(ORDO NEWS) — In one of the caves in the north of the Iberian Peninsula, paleoanthropologists discovered the earliest traces of human presence in Europe – 200 thousand years older than previous finds.
Representatives of the archaeological fund “Atapuerca” said that in June 2022 in the cave of Sima del Elefante, a fragment of the jaw of Homo. According to the results of a preliminary study, its age was estimated at 1.4 million years.
Sima del Elefante is one of the many caves of the archaeological site of Atapuerca in the Spanish province of Burgos. In those places, people and their ancestors camped from the Lower Pleistocene (more than a million years ago) to the Holocene.
In Atapuerca, several thousand fragments of bones of different types of people were found: moreover, they are distributed in layers, the study of which helps to determine the age of the finds.

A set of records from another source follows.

(* The map $\tau:\mathcal A_n\to\mathcal L_n$ is a bijection.
   Context: $\mathcal A_n$ is the set of ordered products $A=A_1\times\cdots\times A_k$ (order of factors matters) of connected linear Nakayama algebras over an algebraically closed field with $n$ simple modules in total, identified up to isomorphism of factors; its Kupisch series $[c_0,\dots,c_{n-1}]$ is the concatenation of those of the factors, where a connected linear Nakayama algebra with $m$ simple modules has Kupisch series $[c_0,\dots,c_{m-1}]$, $c_i=\dim e_iA$, characterized by $c_{i+1}+1\ge c_i\ge2$ for $0\le i<m-1$ and $c_{m-1}=1$. $\tau(A)$ is the tree on $\{0,\dots,n\}$, rooted at $n$, in which the parent of $i$ is $i+c_i$ for $0\le i<n$. A rooted tree with vertex set $\{0,\dots,n\}$ is naturally labeled if labels increase towards the root and, for each $i$, all children of $i$ have labels smaller than all children of $i+1$. $\mathcal L_n$ is the set of naturally labeled rooted trees with vertex set $\{0,\dots,n\}$. *)

From mathcomp Require Import all_boot.
Set Implicit Arguments. Unset Strict Implicit. Unset Printing Implicit Defensive.

(* Kupisch series [c_0,...,c_{m-1}] of a connected linear Nakayama algebra
   with m >= 1 simple modules: c_{m-1} = 1 and c_{i+1}+1 >= c_i >= 2 for i < m-1. *)
Definition kupisch_conn (c : seq nat) : bool :=
  [&& 0 < size c, last 0 c == 1 &
      all (fun i => (2 <= nth 0 c i) && (nth 0 c i <= (nth 0 c i.+1).+1))
          (iota 0 (size c).-1)].

(* An element of A_n: ordered list of factors, each factor given (up to
   isomorphism) by its Kupisch series; n simple modules in total. *)
Definition in_A (n : nat) (A : seq (seq nat)) : bool :=
  all kupisch_conn A && (sumn (map size A) == n).

(* Kupisch series of a product: concatenation of those of the factors. *)
Definition kupisch (A : seq (seq nat)) : seq nat := flatten A.

(* A rooted tree on {0,...,n} rooted at n, encoded by its parent map on the
   non-root vertices 0..n-1. *)
Definition tree n := {ffun 'I_n -> 'I_n.+1}.

Definition tau (n : nat) (A : seq (seq nat)) : tree n :=
  [ffun i : 'I_n => inord (i + nth 0 (kupisch A) i)].

(* Naturally labeled: labels increase towards the root, and the children of
   a vertex u all have smaller labels than the children of any larger vertex v. *)
Definition in_L (n : nat) (p : tree n) : bool :=
  [forall i : 'I_n, (i : nat) < p i] &&
  [forall a : 'I_n, forall b : 'I_n, ((p a : nat) < p b) ==> ((a : nat) < b)].

From mathcomp Require Import all_boot zify.
Set Implicit Arguments. Unset Strict Implicit. Unset Printing Implicit Defensive.

(* Kupisch series of products are exactly the sequences c with c_i >= 1,
   c_i <= c_{i+1} + 1 and last entry 1; the factors are recovered by cutting
   after each entry 1.  Such a c is determined by its parent map
   p(i) = i + c_i, and the three conditions say precisely that i < p(i) <= n
   and that p is nondecreasing.  A nondecreasing parent map is the same as a
   natural labelling (children of i precede children of i+1), so tau is the
   composite of two bijections. *)

(* The default [1] of [last] admits the empty series of the empty product. *)
Definition kupisch_seq (s : seq nat) : bool :=
  [&& all (leq 1) s, sorted (fun x y => x <= y.+1) s & last 1 s == 1].

Lemma kupisch_seq1 x : kupisch_seq [:: x] = (x == 1).
Proof. by rewrite /kupisch_seq /= andbT; case: x => [|[]]. Qed.

Lemma kupisch_seq_cons2 x y s :
  kupisch_seq [:: x, y & s] = [&& 0 < x, x <= y.+1 & kupisch_seq (y :: s)].
Proof. by rewrite /kupisch_seq /=; case: (0 < x); case: (x <= y.+1); rewrite ?andbF. Qed.

Lemma kupisch_seq_behead s : kupisch_seq s -> kupisch_seq (behead s).
Proof. by case: s => [|x [|y s]] //; rewrite kupisch_seq_cons2 => /and3P[]. Qed.

Lemma kupisch_conn1 x : kupisch_conn [:: x] = (x == 1).
Proof. by rewrite /kupisch_conn /= andbT. Qed.

Lemma kupisch_conn_cons2 x y s :
  kupisch_conn [:: x, y & s] = [&& 1 < x, x <= y.+1 & kupisch_conn (y :: s)].
Proof.
rewrite /kupisch_conn /= (iotaDl 1 0) all_map.
by case: (1 < x); case: (x <= y.+1); case: (last y s == 1).
Qed.

Lemma kupisch_seq_cat b s :
  kupisch_conn b -> kupisch_seq s -> kupisch_seq (b ++ s).
Proof.
elim: b => [|x [|y b] IHb] //; first by rewrite kupisch_conn1 => /eqP-> {IHb}; case: s.
rewrite kupisch_conn_cons2 => /and3P[x_gt1 xy yb] ks.
by rewrite cat_cons kupisch_seq_cons2 xy IHb // (ltnW x_gt1).
Qed.

Lemma kupisch_seq_flatten A : all kupisch_conn A -> kupisch_seq (flatten A).
Proof. by elim: A => //= b A IHA /andP[cb cA]; rewrite kupisch_seq_cat ?IHA. Qed.

Fixpoint split_at_ones (s : seq nat) : seq (seq nat) :=
  if s is x :: s' then
    if x == 1 then [:: 1] :: split_at_ones s'
    else (x :: head [::] (split_at_ones s')) :: behead (split_at_ones s')
  else [::].

Lemma split_at_ones_cons x s : x != 1 ->
  split_at_ones (x :: s) =
  (x :: head [::] (split_at_ones s)) :: behead (split_at_ones s).
Proof. by move=> /negbTE /= ->. Qed.

Lemma flatten_split_at_ones s : flatten (split_at_ones s) = s.
Proof.
elim: s => //= x s IHs; case: eqP => [->|_]; first by rewrite /= IHs.
by move: IHs; case: (split_at_ones s) => [|b bs] /= <-.
Qed.

Lemma split_at_ones_cat b s :
  kupisch_conn b -> split_at_ones (b ++ s) = b :: split_at_ones s.
Proof.
elim: b => [|x [|y b] IHb] //; first by rewrite kupisch_conn1 => /eqP->.
rewrite kupisch_conn_cons2 => /and3P[x_gt1 _ yb].
by rewrite cat_cons split_at_ones_cons ?gtn_eqF // IHb.
Qed.

Lemma split_at_ones_flatten A :
  all kupisch_conn A -> split_at_ones (flatten A) = A.
Proof. by elim: A => //= b A IHA /andP[cb cA]; rewrite split_at_ones_cat ?IHA. Qed.

Lemma kupisch_conn_split_at_ones s :
  kupisch_seq s -> all kupisch_conn (split_at_ones s).
Proof.
elim: s => // x s IHs ks; have /IHs cs : kupisch_seq s := kupisch_seq_behead ks.
rewrite /=; case: ifP => [_ /=|x_neq1]; first by rewrite cs.
case: s {IHs} ks cs => [|y s]; first by rewrite kupisch_seq1 x_neq1.
rewrite kupisch_seq_cons2 => /and3P[x_gt0 xy _].
have := flatten_split_at_ones (y :: s).
case: (split_at_ones _) => [|[|z b] bs] //=.
move=> [-> _] /andP[cb cbs].
by rewrite cbs kupisch_conn_cons2 xy cb ltn_neqAle eq_sym x_neq1 x_gt0.
Qed.

Definition kupisch_tree n (s : seq nat) : tree n :=
  [ffun i : 'I_n => inord (i + nth 0 s i)].

Lemma kupisch_tree_val n s (i : 'I_n) :
  kupisch_tree n s i = (if i + nth 0 s i <= n then i + nth 0 s i else 0) :> nat.
Proof. by rewrite ffunE /inord val_insubd ltnS. Qed.

Lemma in_LP n (T : tree n) :
  reflect ((forall i : 'I_n, i < T i) /\ (forall i j : 'I_n, i <= j -> T i <= T j))
          (in_L T).
Proof.
apply: (iffP andP) => [[/forallP lt /forallP mono]|[lt mono]]; split => //.
- by move=> i j; apply: contraTT; rewrite -!ltnNge; apply/implyP/(forallP (mono j)).
- exact/forallP.
- apply/forallP => i; apply/forallP => j; apply/implyP.
  by apply: contraTT; rewrite -!leqNgt; apply: mono.
Qed.

Lemma kupisch_seq_parent_step s i :
  kupisch_seq s -> i + nth 0 s i <= i.+1 + nth 0 s i.+1.
Proof.
case/and3P=> _ /(sortedP 0) + /eqP; case/lastP: s => [|t x]; first by rewrite !nth_nil; lia.
rewrite last_rcons size_rcons => sorted_s x1.
case: (ltngtP i.+1 (size t).+1) => [/sorted_s|lt_i|[i_t]]; first lia.
  by rewrite !nth_default ?size_rcons //; lia.
by rewrite nth_rcons i_t ltnn eqxx x1 nth_default ?size_rcons //; lia.
Qed.

Lemma kupisch_seq_parent_mono s :
  kupisch_seq s -> {homo (fun i => i + nth 0 s i) : i j / i <= j}.
Proof.
by move=> ks; apply: (homo_leq leqnn leq_trans) => i; apply: kupisch_seq_parent_step.
Qed.

Lemma kupisch_seq_parent_bounds s i :
  kupisch_seq s -> i < size s -> i < i + nth 0 s i <= size s.
Proof.
move=> ks lt_i; have /and3P[/(all_nthP 0) pos _ _] := ks.
have := kupisch_seq_parent_mono ks (ltnW lt_i); rewrite [nth 0 s (size s)]nth_default //.
have := pos i lt_i; lia.
Qed.

Lemma kupisch_tree_valE n s (i : 'I_n) :
  size s = n -> kupisch_seq s -> kupisch_tree n s i = i + nth 0 s i :> nat.
Proof.
move=> sz_s ks; have lt_i : i < size s by rewrite sz_s.
have /andP[_] := kupisch_seq_parent_bounds ks lt_i.
by rewrite kupisch_tree_val sz_s => ->.
Qed.

Lemma kupisch_seq_in_L n s : size s = n -> kupisch_seq s -> in_L (kupisch_tree n s).
Proof.
move=> sz_s ks; apply/in_LP; split=> [i|i j le_ij]; rewrite !kupisch_tree_valE //.
  have lt_i : i < size s by rewrite sz_s.
  by case/andP: (kupisch_seq_parent_bounds ks lt_i).
exact: kupisch_seq_parent_mono.
Qed.

Lemma in_L_kupisch_seq n s : size s = n -> in_L (kupisch_tree n s) -> kupisch_seq s.
Proof.
move=> <- /in_LP[lt mono].
have parent (i : 'I_(size s)) :
    i < i + nth 0 s i <= size s /\ kupisch_tree (size s) s i = i + nth 0 s i :> nat.
  by move: (lt i); rewrite kupisch_tree_val; case: ifP => // le_n ->.
apply/and3P; split.
- apply/(all_nthP 0) => i lt_i; have [/andP[+ _] _] := parent (Ordinal lt_i).
  by rewrite /=; lia.
- apply/(sortedP 0) => i lt_i.
  have := mono (Ordinal (ltnW lt_i)) (Ordinal lt_i) (leqnSn i).
  by rewrite (parent (Ordinal _)).2 (parent (Ordinal _)).2 /=; lia.
- rewrite -nth_last; case: (posnP (size s)) => [/size0nil -> //|pos].
  have lt_last : (size s).-1 < size s by rewrite ltn_predL.
  have [/andP[lo hi] _] := parent (Ordinal lt_last).
  by rewrite (set_nth_default 0) //; move: lo hi => /=; lia.
Qed.

Lemma kupisch_tree_inj n s t :
  size s = n -> size t = n -> kupisch_seq s -> kupisch_seq t ->
  kupisch_tree n s = kupisch_tree n t -> s = t.
Proof.
move=> sz_s sz_t ks kt st; apply: (@eq_from_nth _ 0) => [|i]; first by rewrite sz_s.
rewrite sz_s => lt_i; apply/(@addnI i).
by rewrite -(kupisch_tree_valE (Ordinal lt_i) sz_s ks) st kupisch_tree_valE.
Qed.

Lemma kupisch_tree_offsets n (T : tree n) : (forall i : 'I_n, i < T i) ->
  kupisch_tree n [seq (T i : nat) - i | i <- enum 'I_n] = T.
Proof.
move=> lt; apply/ffunP => i; apply: ord_inj.
rewrite kupisch_tree_val (nth_map i) ?size_enum_ord // nth_ord_enum.
by rewrite subnKC ?(ltnW (lt i)) // -ltnS ltn_ord.
Qed.

Theorem lemma3p6 (n : nat) :
  (forall A, in_A n A -> in_L (tau n A)) /\
  (forall A B, in_A n A -> in_A n B -> tau n A = tau n B -> A = B) /\
  (forall T : tree n, in_L T -> exists2 A, in_A n A & tau n A = T).
Proof.
have in_A_kupisch A : in_A n A -> all kupisch_conn A /\ size (kupisch A) = n.
  by case/andP=> cA /eqP; rewrite size_flatten.
split; [|split].
- move=> A /in_A_kupisch[cA sz_A].
  exact: kupisch_seq_in_L sz_A (kupisch_seq_flatten cA).
- move=> A B /in_A_kupisch[cA sz_A] /in_A_kupisch[cB sz_B] eq_tau.
  rewrite -(split_at_ones_flatten cA) -(split_at_ones_flatten cB); congr split_at_ones.
  exact: kupisch_tree_inj sz_A sz_B (kupisch_seq_flatten cA) (kupisch_seq_flatten cB) eq_tau.
- move=> T LT; set s := [seq (T i : nat) - i | i <- enum 'I_n].
  have sz_s : size s = n by rewrite size_map size_enum_ord.
  have sT : kupisch_tree n s = T by apply: kupisch_tree_offsets; case/in_LP: LT.
  have ks : kupisch_seq s by apply: (in_L_kupisch_seq sz_s); rewrite sT.
  exists (split_at_ones s); last by rewrite -sT /tau /kupisch flatten_split_at_ones.
  by rewrite /in_A kupisch_conn_split_at_ones // -size_flatten flatten_split_at_ones sz_s /=.
Qed.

So far, the oldest hominin fossil found in Europe was a jawbone found at the same location in Sima del Elefante Cave in 2007.

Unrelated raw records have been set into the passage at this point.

(* Suppose the total preorder $\succeq$ on $\mathcal{Q}_b$ is continuous (with respect to uniform convergence), monotonic, and satisfies the dual independence axiom. Then there exists a nonnegative, bounded, finitely additive measure $\mu$ on $\Sigma$ such that the functional $$U(\Phi)=\int_0^1\Phi(p)\,\mu(dp),\qquad \Phi\in B((0,1],\Sigma),$$ (integral with respect to a finitely additive measure) restricted to $\mathcal{Q}_b$ is a numerical representation of $\succeq$.
   Context: $\mathcal{Q}_b$ is the set of bounded, nondecreasing, left-continuous functions on $(0,1]$. $\Sigma$ is the algebra of subsets of $(0,1]$ generated by finite unions and intersections of intervals $(a,b]$, $0<a<b\le1$. $B((0,1],\Sigma)$ is the Banach space (sup norm) of uniform limits of $\Sigma$-simple functions $\sum\alpha_i\mathbf{1}_{A_i}$. Integration of functions in $B((0,1],\Sigma)$ against a bounded finitely additive measure is in the sense of Dunford–Schwartz. A total preorder is reflexive, transitive, complete; $\succ$ its strict part; continuity means closed upper and lower contour sets. Monotonic: $\Phi\ge\Psi$ pointwise implies $\Phi\succeq\Psi$. Dual independence axiom: $\Phi\succ\Psi$ implies $\alpha\Phi+(1-\alpha)\Upsilon\succ\alpha\Psi+(1-\alpha)\Upsilon$ for all $\Upsilon\in\mathcal{Q}_b$, $\alpha\in(0,1)$. Numerical representation: $\Phi\succ\Psi\iff U(\Phi)>U(\Psi)$. *)

From Stdlib Require Import Reals List ClassicalEpsilon.
Open Scope R_scope.

(* Functions on (0,1] are represented as R -> R; only values on (0,1] matter. *)
Definition unit_int (x : R) : Prop := 0 < x <= 1.

Definition in_Qb (Phi : R -> R) : Prop :=
  (exists M, forall x, unit_int x -> Rabs (Phi x) <= M) /\
  (forall x y, unit_int x -> unit_int y -> x <= y -> Phi x <= Phi y) /\
  (forall p, unit_int p -> forall eps, eps > 0 ->
     exists delta, delta > 0 /\
       forall q, 0 < q -> p - delta < q -> q <= p -> Rabs (Phi q - Phi p) < eps).

(* The algebra Sigma of subsets of (0,1] generated by the intervals (a,b],
   0 < a < b <= 1 (an algebra on (0,1]: contains (0,1], closed under
   relative complement and finite unions; sets are predicates, taken up to
   extensional equality). *)
Inductive Sigma : (R -> Prop) -> Prop :=
| Sigma_int : forall a b, 0 < a -> a < b -> b <= 1 -> Sigma (fun x => a < x <= b)
| Sigma_full : Sigma unit_int
| Sigma_compl : forall A, Sigma A -> Sigma (fun x => unit_int x /\ ~ A x)
| Sigma_union : forall A B, Sigma A -> Sigma B -> Sigma (fun x => A x \/ B x)
| Sigma_inter : forall A B, Sigma A -> Sigma B -> Sigma (fun x => A x /\ B x)
| Sigma_ext : forall A B, Sigma A -> (forall x, A x <-> B x) -> Sigma B.

Definition fa_measure (mu : (R -> Prop) -> R) : Prop :=
  (forall A B, Sigma A -> Sigma B -> (forall x, ~ (A x /\ B x)) ->
     mu (fun x => A x \/ B x) = mu A + mu B).

Definition nonneg_measure (mu : (R -> Prop) -> R) : Prop :=
  forall A, Sigma A -> 0 <= mu A.

Definition bounded_measure (mu : (R -> Prop) -> R) : Prop :=
  exists M, forall A, Sigma A -> Rabs (mu A) <= M.

Definition indic (A : R -> Prop) (x : R) : R :=
  if excluded_middle_informative (A x) then 1 else 0.

(* Sigma-simple functions sum_i alpha_i 1_{A_i}, given as lists of (alpha_i, A_i). *)
Definition simple_ok (s : list (R * (R -> Prop))) : Prop :=
  forall c, In c s -> Sigma (snd c).

Definition simple_val (s : list (R * (R -> Prop))) (x : R) : R :=
  fold_right (fun c acc => fst c * indic (snd c) x + acc) 0 s.

Definition simple_int (mu : (R -> Prop) -> R) (s : list (R * (R -> Prop))) : R :=
  fold_right (fun c acc => fst c * mu (snd c) + acc) 0 s.

Definition in_B_Sigma (Phi : R -> R) : Prop :=
  forall delta, delta > 0 ->
    exists s, simple_ok s /\ forall x, unit_int x -> Rabs (Phi x - simple_val s x) < delta.

Definition DS_integral (mu : (R -> Prop) -> R) (Phi : R -> R) (I : R) : Prop :=
  in_B_Sigma Phi /\
  forall eps, eps > 0 -> exists delta, delta > 0 /\
    forall s, simple_ok s ->
      (forall x, unit_int x -> Rabs (Phi x - simple_val s x) < delta) ->
      Rabs (simple_int mu s - I) < eps.

Definition total_preorder (pref : (R -> R) -> (R -> R) -> Prop) : Prop :=
  (forall F, in_Qb F -> pref F F) /\
  (forall F G H, in_Qb F -> in_Qb G -> in_Qb H -> pref F G -> pref G H -> pref F H) /\
  (forall F G, in_Qb F -> in_Qb G -> pref F G \/ pref G F).

Definition strict (pref : (R -> R) -> (R -> R) -> Prop) (F G : R -> R) : Prop :=
  pref F G /\ ~ pref G F.

Definition unif_conv (Fn : nat -> R -> R) (F : R -> R) : Prop :=
  forall eps, eps > 0 -> exists N, forall n, (n >= N)%nat ->
    forall x, unit_int x -> Rabs (Fn n x - F x) < eps.

Definition pref_continuous (pref : (R -> R) -> (R -> R) -> Prop) : Prop :=
  forall G Fn F, in_Qb G -> (forall n, in_Qb (Fn n)) -> in_Qb F -> unif_conv Fn F ->
    ((forall n, pref (Fn n) G) -> pref F G) /\
    ((forall n, pref G (Fn n)) -> pref G F).

Definition pref_monotonic (pref : (R -> R) -> (R -> R) -> Prop) : Prop :=
  forall F G, in_Qb F -> in_Qb G -> (forall p, unit_int p -> F p >= G p) -> pref F G.

Definition dual_independence (pref : (R -> R) -> (R -> R) -> Prop) : Prop :=
  forall F G H alpha, in_Qb F -> in_Qb G -> in_Qb H -> 0 < alpha < 1 ->
    strict pref F G ->
    strict pref (fun p => alpha * F p + (1 - alpha) * H p)
                (fun p => alpha * G p + (1 - alpha) * H p).

(* If all constants are indifferent, monotonicity makes the whole
   preference trivial and the zero measure represents it.  Otherwise dual
   independence (mixing with constants, then halving) shows that constants are
   ranked by their value.  Then every F in Q_b has a certainty equivalent
   ce(F): the supremum of the constants F weakly dominates, which is
   indifferent to F by continuity, and ce represents the preference.  Dual
   independence together with continuity makes ce affine under mixtures, hence
   additive and positively homogeneous, so ce extends to a monotone linear
   functional L on the space D = Q_b - Q_b, nonexpansive for the sup norm.
   Indicators of sets of Sigma lie in D, so mu(A) = L(1_A) is a nonnegative
   finitely additive measure with mu <= 1, and L agrees with the elementary
   integral on simple functions.  Nonexpansiveness extends this integral to
   all uniform limits of simple functions (Dunford--Schwartz), and on Q_b it
   coincides with ce, which gives the representation. *)

From Stdlib Require Import Reals Lra Lia Classical ClassicalEpsilon.
Open Scope R_scope.

Lemma abs_lt x a : Rabs x < a <-> - a < x < a.
Proof. unfold Rabs; destruct Rcase_abs; split; intros; lra. Qed.

Lemma abs_le x a : Rabs x <= a <-> - a <= x <= a.
Proof. unfold Rabs; destruct Rcase_abs; split; intros; lra. Qed.

Lemma abs_bounds x : - Rabs x <= x <= Rabs x.
Proof. apply abs_le; lra. Qed.

Definition en (n : nat) : R := / INR (S n).

Lemma en_pos n : 0 < en n.
Proof. apply Rinv_0_lt_compat, lt_0_INR; lia. Qed.

Lemma unif_conv_en (Fn : nat -> R -> R) F :
  (forall n x, unit_int x -> Rabs (Fn n x - F x) <= en n) -> unif_conv Fn F.
Proof.
  intros Hclose eps Heps.
  destruct (archimed_cor1 eps Heps) as [N [HN HN0]].
  exists N; intros n Hn x Hx.
  apply Rle_lt_trans with (en n); [exact (Hclose n x Hx)|].
  apply Rle_lt_trans with (/ INR N); [|exact HN].
  apply Rinv_le_contravar; [apply lt_0_INR; lia|].
  rewrite S_INR; apply le_INR in Hn; lra.
Qed.

Definition cst (k : R) : R -> R := fun _ => k.

Definition step (t : R) : R -> R := fun x => if Rlt_dec t x then 1 else 0.

Definition mix (al : R) (F H : R -> R) : R -> R := fun p => al * F p + (1 - al) * H p.

Lemma Qb_cst k : in_Qb (cst k).
Proof.
  unfold cst; split; [|split].
  - exists (Rabs k); intros; lra.
  - intros; lra.
  - intros p _ eps He; exists 1; split; [lra|]; intros; apply abs_lt; lra.
Qed.

Lemma Qb_step t : in_Qb (step t).
Proof.
  unfold step; split; [|split].
  - exists 1; intros; destruct Rlt_dec; apply abs_le; lra.
  - intros x y _ _ Hxy; do 2 destruct Rlt_dec; lra.
  - intros p Hp eps He; destruct (Rlt_dec t p).
    + exists (p - t); split; [lra|]; intros q _ Hq _.
      destruct Rlt_dec; [|lra]; apply abs_lt; lra.
    + exists 1; split; [lra|]; intros q _ _ Hq.
      destruct Rlt_dec; [lra|]; apply abs_lt; lra.
Qed.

It has been dated to be 1.2 million years old. The new find was made in a layer that is 2 meters lower – which caused the first assumptions about the age of the ancient Homo.

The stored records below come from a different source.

Lemma sum_words_mtype k (X : mindex -> R) : (k <= K)%N ->
  sum_words k (fun w => X (mtype w)) =
  \sum_(g : mindex | mdeg g == k) X g * (k`!)%:R / (mfact g)%:R.
Proof.
elim: k X => [|k IH] X kK.
  rewrite /= mtype_nil (big_pred1 [ffun => ord0]); last first.
    move=> g; rewrite /= /mdeg sum_nat_eq0; apply/forallP/eqP => [g0|->] /=.
      by apply/ffunP => m; apply: val_inj; rewrite ffunE /=; apply/eqP/g0.
    by move=> m; rewrite ffunE.
  by rewrite /mfact big1 ?divr1 ?mulr1 // => m _; rewrite ffunE.
transitivity (\sum_(i < n) \sum_(g : mindex | mdeg g == k.+1)
                X g * (k`!)%:R * (g i)%:R / (mfact g)%:R).
  apply: eq_bigr => i _; rewrite -sum_mincr_weight // -IH ?(ltnW kK) //.
  by apply: eq_sum_words => w sw; rewrite mtype_cons // sw.
rewrite exchange_big /=; apply: eq_bigr => g /eqP gk.
rewrite -mulr_suml -mulr_sumr -natr_sum -/(mdeg g) gk factS natrM; ring.
Qed.

End MultiIndices.

Section CoordinateExp.
Variables (R : realType) (n : nat).
Local Notation V := 'rV[R]_n.

Lemma derive_coord (g : R -> R) (m : 'I_n) (z v : V) :
  derive (fun y : V => g (y ord0 m)) z v = derive g (z ord0 m) (v ord0 m) /\
  (derivable (fun y : V => g (y ord0 m)) z v <-> derivable g (z ord0 m) (v ord0 m)).
Proof.
have quot : (fun h : R => h^-1 *: (((fun y : V => g (y ord0 m)) \o shift z) (h *: v)
            - g (z ord0 m))) =
          (fun h : R => h^-1 *: ((g \o shift (z ord0 m)) (h *: v ord0 m) - g (z ord0 m))).
  by apply/funext => h /=; rewrite !mxE.
by rewrite /derive /derivable quot.
Qed.

Definition expc (m : 'I_n) : V -> R := fun y => expR (y ord0 m).

Lemma expc_derive (m i : 'I_n) (z : V) :
  is_derive z (delta_mx 0 i : V) (expc m) ((m == i)%:R * expc m z).
Proof.
have [D1 D2] := derive_coord expR m z (delta_mx 0 i).
have dm : (delta_mx 0 i : V) ord0 m = (m == i)%:R by rewrite mxE eqxx /= eq_sym.
rewrite dm in D1 D2.
apply: DeriveDef.
  by apply/D2; case: eqP => _; [exact: derivable_expR | exact: derivable0].
rewrite /expc D1; case: eqP => _; first by rewrite mul1r derive_val.
by rewrite mul0r derive0.
Qed.

End CoordinateExp.

Section Softmax.
Variables (R : realType) (n : nat) (xi : 'I_n -> R).
Hypothesis xi_ge0 : forall i, 0 <= xi i.
Hypothesis xi_sum : \sum_(i < n) xi i = 1.

Local Notation V := 'rV[R]_n.

Definition softden (z : V) : R := \sum_(k < n) xi k * expc k z.

Lemma softden_gt0 z : 0 < softden z.
Proof.
have ge0 k : true -> 0 <= xi k * expc k z by rewrite mulr_ge0 ?expR_ge0.
rewrite lt_def sumr_ge0 ?andbT //; apply/negP => /eqP/(psumr_eq0P ge0) den0.
have : \sum_(i < n) xi i = 0.
  apply: big1 => i _; have /eqP := den0 i isT.
  by rewrite mulf_eq0 [expc i z == 0]gt_eqF ?expR_gt0 // orbF => /eqP.
by rewrite xi_sum => /eqP; rewrite oner_eq0.
Qed.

Now the researchers have to make a more accurate estimate of the age of the jawbone fragment using physical dating methods. These studies are carried out by specialists from the National Center for Research on Human Evolution in Burgos. The process will take six to eight months, they said.
Scientists hope that the analysis will help determine which species of hominin the jawbone fragment belongs to and better understand how humans evolved on the European continent. Indeed, until now, researchers have not been able to determine with certainty who owned the jawbone discovered in 2007.
They suggest that the fossil may correspond to Homo antecessor (human predecessor), whose bones were found in 1994 in one of the caves of Atapuerca.
The age of that find is a little less than a million years. If it is possible to reliably correlate all these bone remains with each other, then it will be possible to say that the human predecessor mastered Europe almost one and a half million years ago.
In addition, if the preliminary dating of the find is confirmed by other methods, then the question of the ways of migration of the genus Homo will arise. The shortest way from Africa to the north of modern Spain lies through Gibraltar. But paleoanthropologists often question the ability of ancient Homo to cross large water barriers.
Of course, they could also leave Africa along the traditional route – through the Middle East. But in order to get to Atapuerca after that, they would have to go through all of Europe, and then it becomes completely incomprehensible why we do not find such ancient traces to Spain – in Greece, Bulgaria, Italy.
Chronologically, the 1.4 million-year-old find may also belong to Homo erectus . It is believed that it was erectus about 0.8 million years ago that settled the island of Flores (now Indonesia), where, over time, the descendants of the “colonists” gave a new species, Homo floresiensis.
The island of Flores has always been separated from its neighbors by a sea strait, even more difficult to overcome than Gibraltar.